(Collected data)
________

Lemma locally_bounded_pair (T1 T2 U1 U2 : topologicalType)
    (f : T1 -> U1) (g : T2 -> U2) :
  locally_bounded f -> locally_bounded g ->
  locally_bounded (fun p => (f p.1, g p.2)).
Proof.
move=> lf lg A pA.
apply: precompact_subset (precompact_setX (lf _ (precompact_fst pA))
                                          (lg _ (precompact_snd pA))).
by move=> _ [p Ap <-]; split; [exists p.1|exists p.2] => //; exists p.
Qed.

Lemma locally_bounded_pairl (T U : topologicalType) (c : T) :
  hausdorff_space T -> locally_bounded (fun x : U => (c, x)).
Proof.
move=> hT A pA.
apply: precompact_subset (precompact_setX (precompact_set1 c hT) pA).
by move=> _ [x Ax <-].
Qed.

Lemma locally_bounded_pairr (T U : topologicalType) (c : U) :
  hausdorff_space U -> locally_bounded (fun x : T => (x, c)).
Proof.
move=> hU A pA.
apply: precompact_subset (precompact_setX pA (precompact_set1 c hU)).
by move=> _ [x Ax <-].
Qed.

Lemma locally_bounded_patch (T1 T2 U : topologicalType) (M : T1 * T2 -> U)
    (X1 : set T2) (c : U) :
  hausdorff_space U -> locally_bounded M ->
  locally_bounded (fun p => if pselect (X1 p.2) then M p else c).
Proof.
move=> hU lM A pA.
apply: precompact_subset (precompact_setU (lM _ pA) (precompact_set1 c hU)).
by move=> _ [p Ap <-]; case: pselect => X1p; [left; exists p|right].
Qed.

Lemma borel_lb_restrict (A P Om : topologicalType) (F : P * Om -> Om)
    (emb : A -> P) :
  continuous emb -> locally_bounded emb -> borel_map2 F -> locally_bounded F ->
  borel_map2 (fun p => F (emb p.1, p.2)) /\
  locally_bounded (fun p => F (emb p.1, p.2)).
Proof.
move=> cemb lemb bF lF; split.
  move=> B /bF; apply: (prod_borelS_preimage_pair (g := @id Om)).
    exact: continuous_borel_map.
  by move=> C.
exact: locally_bounded_comp (locally_bounded_pair lemb (@locally_bounded_id _)) lF.
Qed.

Lemma ess_lb_borel_ae_eq (R : realType) (A X T : topologicalType) (oneT : T)
    (muX : set X -> \bar R) (w : A -> X -> T) (M : A * X -> T) (N : set X) :
  hausdorff_space T -> borelS N -> muX N = 0%E ->
  (forall x, ~ N x -> forall a, w a x = M (a, x)) ->
  borel_map2 M -> locally_bounded M -> ess_lb_borel oneT muX w.
Proof.
move=> hT bN muN wM bM lM.
have wE : (fun p => if pselect ((~` N) p.2) then w p.1 p.2 else oneT) =
          (fun p => if pselect ((~` N) p.2) then M p else oneT).
  by apply/funext => -[a x] /=; case: pselect => // Nx; rewrite wM.
exists (~` N); rewrite wE; split; [exact: g_sigmaC|by rewrite setCK| |].
- exact: borel_map2_patch (g_sigmaC bN) bM.
- exact: locally_bounded_patch.
Qed.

________

» About this task
Could you return every line from the entries above in which the string "else" occurs?

» Expected output
  locally_bounded (fun p => if pselect (X1 p.2) then M p else c).
have wE : (fun p => if pselect ((~` N) p.2) then w p.1 p.2 else oneT) =
          (fun p => if pselect ((~` N) p.2) then M p else oneT).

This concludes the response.